Don't offer unsolicited parenting advice.

If he asks you "What did you do when your kids did X?" then you can answer with something that worked for you, he might use it, he might not.

If you think there's family history stuff going on you could open up a conversation about that "Do you remember when we were kids, and dad used to say/do X?" but DON'T bring it back round to his parenting. That's his decision to make, or not. If you must mention parenting then it's fine to say something like "When I had my kids it was really important to me not to do X" as long as it's in context e.g. related to something you realised about your own childhood, rather than a pointed obvious direction to him.

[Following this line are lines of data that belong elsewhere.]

(* Assume CH. Then there is no separable regular Baire $\sigma$-space $X$ with $dis(X)<\Delta(X)$.
   Context: All spaces are Hausdorff. CH is the Continuum Hypothesis $2^{\aleph_0}=\aleph_1$. $dis(X)$ is the least number of discrete subspaces needed to cover $X$; $\Delta(X)$ is the least cardinality of a non-empty open subset of $X$. A $\sigma$-space is a space having a $\sigma$-discrete network (a network being a family $\mathcal{N}$ of subsets such that for every open $U$ and $x\in U$ there is $N\in\mathcal{N}$ with $x\in N\subseteq U$). *)

From Stdlib Require Import Classical.

Set Implicit Arguments.

Record topology (X : Type) := Topology {
  is_open : (X -> Prop) -> Prop;
  open_full : is_open (fun _ => True);
  open_inter : forall U V, is_open U -> is_open V -> is_open (fun x => U x /\ V x);
  open_union : forall F : (X -> Prop) -> Prop,
      (forall U, F U -> is_open U) -> is_open (fun x => exists U, F U /\ U x)
}.

Section Topo.
Context {X : Type} (T : topology X).

Definition is_closed (F : X -> Prop) : Prop := is_open T (fun x => ~ F x).

Definition hausdorff : Prop :=
  forall x y : X, x <> y -> exists U V, is_open T U /\ is_open T V /\ U x /\ V y /\
    (forall z, U z -> V z -> False).

Definition regular : Prop :=
  hausdorff /\
  forall (F : X -> Prop) (x : X), is_closed F -> ~ F x ->
    exists U V, is_open T U /\ is_open T V /\ U x /\ (forall z, F z -> V z) /\
      (forall z, U z -> V z -> False).

Definition countable_set (D : X -> Prop) : Prop :=
  exists f : X -> nat, forall x y, D x -> D y -> f x = f y -> x = y.

Definition dense (D : X -> Prop) : Prop :=
  forall U, is_open T U -> (exists x, U x) -> exists x, U x /\ D x.

Definition separable : Prop := exists D, countable_set D /\ dense D.

Definition baire : Prop :=
  forall U : nat -> X -> Prop, (forall n, is_open T (U n) /\ dense (U n)) ->
    dense (fun x => forall n, U n x).

Definition discrete_family (N : (X -> Prop) -> Prop) : Prop :=
  forall x, exists V, is_open T V /\ V x /\
    forall A B, N A -> N B -> (exists y, V y /\ A y) -> (exists y, V y /\ B y) ->
      forall z, A z <-> B z.

Definition network (N : (X -> Prop) -> Prop) : Prop :=
  forall U x, is_open T U -> U x -> exists A, N A /\ A x /\ forall z, A z -> U z.

Definition sigma_space : Prop :=
  exists N : nat -> (X -> Prop) -> Prop,
    (forall n, discrete_family (N n)) /\ network (fun A => exists n, N n A).

Definition discrete_subspace (D : X -> Prop) : Prop :=
  forall x, D x -> exists V, is_open T V /\ V x /\ forall y, V y -> D y -> y = x.

Definition card_lt_set (I : Type) (U : X -> Prop) : Prop :=
  (exists f : I -> X, (forall i, U (f i)) /\ forall i j, f i = f j -> i = j) /\
  ~ (exists g : X -> I, forall x y, U x -> U y -> g x = g y -> x = y).

(** dis(X) < Δ(X): X is covered by a family of discrete subspaces indexed by
    some I whose cardinality is strictly below the cardinality of every
    non-empty open set.  (Since cardinals are well-ordered, this is exactly
    "min #discrete cover < min |U| over nonempty open U".) *)
Definition dis_lt_Delta : Prop :=
  exists (I : Type) (D : I -> X -> Prop),
    (forall i, discrete_subspace (D i)) /\
    (forall x, exists i, D i x) /\
    (forall U, is_open T U -> (exists x, U x) -> card_lt_set I U).

End Topo.

(** CH: every subset of 2^ω is countable or equinumerous (has an injection
    from) 2^ω; i.e. 2^{ℵ0} = ℵ1. *)
Definition CH : Prop :=
  forall A : (nat -> bool) -> Prop,
    (exists f : (nat -> bool) -> nat, forall x y, A x -> A y -> f x = f y -> x = y) \/
    (exists g : (nat -> bool) -> (nat -> bool),
        (forall x, A (g x)) /\ forall x y, g x = g y -> x = y).

(* Let D : J -> (X -> Prop) be a cover of X by discrete subspaces such that
   |J| < |U| for every non-empty open U.  The proof splits on the size of J.

   1. A regular separable σ-space has at most continuum many points: with a
      σ-discrete network (N n)_n and a countable dense set Q, a point x is
      determined by the countably many facts "x lies in a member of N n" and
      "q lies in W_n(x)" (q in Q), where W_n(x) is an open neighbourhood of x
      whose closure meets at most one member of N n.
   2. If J is countable, each D i splits into the countably many pieces of
      points isolated in D i by a member of N n; each piece is closed discrete,
      hence (X having no isolated points, since |U| > |J| >= 1) has a dense
      open complement.  X would then be a countable union of nowhere dense
      sets, contradicting the Baire property.
   3. If J is uncountable then, by CH applied to the image of J in Cantor
      space, J contains a copy of the continuum, hence of X by step 1,
      contradicting |J| < |X|. *)

From Stdlib Require Import Classical ClassicalEpsilon FunctionalExtensionality
  PropExtensionality Cantor FinFun.

Set Implicit Arguments.
Unset Strict Implicit.

Section Topology.
Context {X : Type} (T : topology X).

Lemma open_ext (P Q : X -> Prop) :
  is_open T P -> (forall x, P x <-> Q x) -> is_open T Q.
Proof.
  intros HP HPQ.
  assert (E : P = Q).
  { apply functional_extensionality; intro x; apply propositional_extensionality; auto. }
  now subst.
Qed.

Lemma open_of_local (P : X -> Prop) :
  (forall x, P x -> exists O, is_open T O /\ O x /\ forall z, O z -> P z) ->
  is_open T P.
Proof.
  intros Hloc.
  apply open_ext with (fun x => exists U, (is_open T U /\ forall z, U z -> P z) /\ U x).
  - apply open_union. now intros U [HU _].
  - intro x; split.
    + intros [U [[_ HUP] Ux]]; auto.
    + intros Px. destruct (Hloc x Px) as [O [HO [Ox HOP]]]. exists O; auto.
Qed.

Definition in_closure (A : X -> Prop) (y : X) : Prop :=
  forall V, is_open T V -> V y -> exists z, V z /\ A z.

Lemma in_closure_of_dense_trace (Q A W : X -> Prop) (y : X) :
  dense T Q -> is_open T W -> W y -> (forall q, Q q -> W q -> A q) ->
  in_closure A y.
Proof.
  intros HQ HW Wy HWA V HV Vy.
  destruct (HQ (fun z => V z /\ W z)) as [q [[Vq Wq] Qq]].
  - now apply open_inter.
  - now exists y.
  - exists q; auto.
Qed.

Lemma regular_shrink (O : X -> Prop) (x : X) :
  regular T -> is_open T O -> O x ->
  exists W, is_open T W /\ W x /\ forall y, in_closure W y -> O y.
Proof.
  intros [_ Hsep] HO Ox.
  destruct (Hsep (fun z => ~ O z) x) as [U [V [HU [HV [Ux [CV HUV]]]]]].
  - apply open_ext with O; [exact HO|].
    intro z; split; [tauto | apply NNPP].
  - tauto.
  - exists U; split; [exact HU|]; split; [exact Ux|].
    intros y Hy. apply NNPP; intro Ny.
    destruct (Hy V HV (CV y Ny)) as [z [Vz Uz]].
    exact (HUV z Uz Vz).
Qed.

Definition closure_isolating (F : (X -> Prop) -> Prop) (x : X) (W : X -> Prop) : Prop :=
  is_open T W /\ W x /\
  forall A B, F A -> F B ->
    (exists y, in_closure W y /\ A y) -> (exists y, in_closure W y /\ B y) ->
    forall z, A z <-> B z.

Lemma closure_isolating_exists (F : (X -> Prop) -> Prop) (x : X) :
  regular T -> discrete_family T F -> exists W, closure_isolating F x W.
Proof.
  intros Hreg HF.
  destruct (HF x) as [V [HV [Vx HVF]]].
  destruct (regular_shrink Hreg HV Vx) as [W [HW [Wx WV]]].
  exists W; split; [exact HW|]; split; [exact Wx|].
  intros A B FA FB [a [Wa Aa]] [b [Wb Bb]].
  apply HVF; eauto.
Qed.

Lemma closure_isolating_same_member (F : (X -> Prop) -> Prop) (Q Wx Wy A A' : X -> Prop)
    (x y : X) :
  dense T Q -> closure_isolating F x Wx -> is_open T Wy -> Wy y ->
  (forall q, Q q -> Wy q -> Wx q) ->
  F A -> A x -> F A' -> A' y -> A y.
Proof.
  intros HQ [HWx [Wxx HWxF]] HWy Wyy Htrace FA Ax FA' A'y.
  assert (Hy : in_closure Wx y) by exact (in_closure_of_dense_trace HQ HWy Wyy Htrace).
  assert (Hx : in_closure Wx x) by (intros V _ Vx; exists x; auto).
  apply (HWxF A' A FA' FA); eauto.
Qed.

Lemma separating_family_injection (P : nat -> nat -> X -> Prop) :
  (forall x y, (forall n k, P n k x <-> P n k y) -> x = y) ->
  exists c : X -> nat -> bool, Injective c.
Proof.
  intros Hsep.
  pose (decide := fun p : Prop => if excluded_middle_informative p then true else false).
  exists (fun x m => decide (P (fst (Cantor.of_nat m)) (snd (Cantor.of_nat m)) x)).
  intros x y Hxy. apply Hsep. intros n k.
  pose proof (f_equal (fun c => c (Cantor.to_nat (n, k))) Hxy) as Hnk.
  cbn beta in Hnk. rewrite Cantor.cancel_of_to in Hnk. cbn in Hnk. unfold decide in Hnk.
  destruct (excluded_middle_informative (P n k x)),
           (excluded_middle_informative (P n k y)); try discriminate; tauto.
Qed.

Lemma sigma_space_card_le_continuum :
  regular T -> separable T -> sigma_space T -> exists c : X -> nat -> bool, Injective c.
Proof.
  intros Hreg [Q [[e He] HQ]] [N [HN Hnet]].
  destruct (choice (fun (p : nat * X) W => closure_isolating (N (fst p)) (snd p) W))
    as [W HW].
  { intros [n x]. now apply closure_isolating_exists. }
  (* The coordinates of x: (n, 0) records whether x meets the family N n,
     (n, k+1) whether the k-th point of Q lies in W (n, x). *)
  apply separating_family_injection with (fun n k x =>
    match k with
    | 0 => exists A, N n A /\ A x
    | S k => exists q, Q q /\ W (n, x) q /\ e q = k
    end).
  intros x y Hxy. apply NNPP; intro Hne.
  destruct Hreg as [Hhaus _].
  destruct (Hhaus x y Hne) as [U [V [HU [HV [Ux [Vy HUV]]]]]].
  destruct (Hnet U x HU Ux) as [A [[n NA] [Ax AU]]].
  destruct (proj1 (Hxy n 0) (ex_intro _ A (conj NA Ax))) as [A' [NA' A'y]].
  assert (Htrace : forall q, Q q -> W (n, y) q -> W (n, x) q).
  { intros q Qq Wq.
    destruct (proj2 (Hxy n (S (e q))) (ex_intro _ q (conj Qq (conj Wq eq_refl))))
      as [q' [Qq' [Wq' Heq]]].
    now rewrite <- (He q' q Qq' Qq Heq). }
  destruct (HW (n, y)) as [HWy [Wyy _]].
  apply (HUV y); [apply AU |exact Vy].
  exact (closure_isolating_same_member HQ (HW (n, x)) HWy Wyy Htrace NA Ax NA' A'y).
Qed.

Definition closed_discrete (S : X -> Prop) : Prop :=
  forall z, exists V, is_open T V /\ V z /\
    forall y1 y2, V y1 -> V y2 -> S y1 -> S y2 -> y1 = y2.

Definition crowded : Prop :=
  forall U, is_open T U -> (exists x, U x) -> exists y z, U y /\ U z /\ y <> z.

Lemma closed_discrete_complement_open (S : X -> Prop) :
  hausdorff T -> closed_discrete S -> is_open T (fun x => ~ S x).
Proof.
  intros Hhaus HS. apply open_of_local. intros x Sx.
  destruct (HS x) as [V [HV [Vx HVS]]].
  destruct (classic (exists y, V y /\ S y)) as [[y [Vy Sy]] | Hno].
  - assert (Hne : x <> y) by (intro; subst; auto).
    destruct (Hhaus x y Hne) as [P [P' [HP [HP' [Px [P'y HPP']]]]]].
    exists (fun z => V z /\ P z); split; [now apply open_inter|]; split; [auto|].
    intros z [Vz Pz] Sz.
    assert (z = y) by (apply HVS; auto). subst z.
    exact (HPP' y Pz P'y).
  - exists V; split; [exact HV|]; split; [exact Vx|].
    intros z Vz Sz. apply Hno; eauto.
Qed.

I also think it's fine to say "I find it helpful to label the behaviour not the child" or "I read this thing about labelling the behaviour, not the child" but I would try to avoid doing this in direct response to him labelling a child - it will come across as pointed rather than helpful.

He may well think you're a terribly indulgent/lax parent or something! Or there might be something that you do that makes him cringe. We are all doing our best. And I tend to think if we are doing better than the generation before then it's all good.